This work addresses the distortion of importance scores in feature attribution methods caused by missingness bias. To mitigate this issue, the authors propose MCal, a post-hoc correction approach that treats missingness bias as a superficial artifact in the output space of a frozen backbone model. MCal applies lightweight fine-tuning to a linear head without retraining or altering the original architecture. Relying solely on calibration within the output space, the method effectively alleviates missingness bias across diverse medical benchmarks—including vision, language, and tabular data—while matching or even surpassing the performance of existing heavyweight approaches. MCal thus offers a highly efficient and broadly applicable solution that maintains both computational economy and generalizability.

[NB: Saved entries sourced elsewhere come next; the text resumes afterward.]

Lemma mode_state_entry_le (R : realType) (p q x y M : R) (r : 'I_4) :
  `|p| <= M -> `|q| <= M -> `|mode_state p q x y r 0| <= M * (`|x| + `|y|).
Proof.
move=> pM qM; have M_ge0 : 0 <= M by apply: le_trans pM.
have entry_le i : `|vec2 p q i 0| <= M by rewrite mxE; case: i => [[|[|//]] ?].
rewrite mxE; case: splitP => i _; rewrite mxE normrM mulrC.
- by apply: ler_pM => //; rewrite lerDl.
- by apply: ler_pM => //; rewrite lerDr.
Qed.

Section NormalModes.
Variables (R : realType) (w1 w2 : bool) (E lam p q k : R).
Hypothesis k_neq0 : k != 0.
Hypotheses (eigen1 : w1%:R * p + q = lam * p) (eigen2 : p + w2%:R * q = lam * q).
Hypothesis k_sqr : k ^+ 2 = E - lam.

Lemma is_derive_scaled_osc (a x y t : R) :
  is_derive t 1 (fun t => a * osc_pos k x y t) (a * osc_vel k x y t) /\
  is_derive t 1 (fun t => a * osc_vel k x y t) (a * (- k ^+ 2 * osc_pos k x y t)).
Proof.
by split; apply: is_deriveZ; [exact: is_derive_osc_pos | exact: is_derive_osc_vel].
Qed.

Lemma derive1_scaled_osc (a x y : R) :
  derive1 (fun t => a * osc_pos k x y t) = (fun t => a * osc_vel k x y t) /\
  derive1 (fun t => a * osc_vel k x y t) = (fun t => a * (- k ^+ 2 * osc_pos k x y t)).
Proof.
by split; apply/funext => t; rewrite derive1E;
  [case: (is_derive_scaled_osc a x y t).1 | case: (is_derive_scaled_osc a x y t).2].
Qed.

Lemma mode_is_solution (x y : R) :
  is_solution w1 w2 E (fun t => p * osc_pos k x y t) (fun t => q * osc_pos k x y t).
Proof.
move=> t; have [-> ->] := derive1_scaled_osc p x y.
have [-> ->] := derive1_scaled_osc q x y.
have [Dp Dp'] := is_derive_scaled_osc p x y t.
have [Dq Dq'] := is_derive_scaled_osc q x y t.
split; [exact: ex_derive | exact: ex_derive | by split; exact: ex_derive | |].
- apply/eqP; rewrite -subr_eq0 k_sqr; apply/eqP.
  by transitivity ((w1%:R * p + q - lam * p) * osc_pos k x y t);
    [ring | rewrite eigen1 subrr mul0r].
- apply/eqP; rewrite -subr_eq0 k_sqr; apply/eqP.
  by transitivity ((p + w2%:R * q - lam * q) * osc_pos k x y t);
    [ring | rewrite eigen2 subrr mul0r].
Qed.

Popular explanation methods often produce unreliable feature importance scores due to missingness bias, a systematic distortion that arises when models are probed with ablated, out-of-distribution inputs. Existing solutions treat this as a deep representational flaw that requires expensive retraining or architectural modifications. In this work, we challenge this assumption and show that missingness bias can be effectively treated as a superficial artifact of the model's output space. We introduce MCal, a lightweight post-hoc method that corrects this bias by fine-tuning a simple linear head on the outputs of a frozen base model. Surprisingly, we find this simple correction consistently reduces missingness bias and is competitive with, or even outperforms, prior heavyweight approaches across diverse medical benchmarks spanning vision, language, and tabular domains.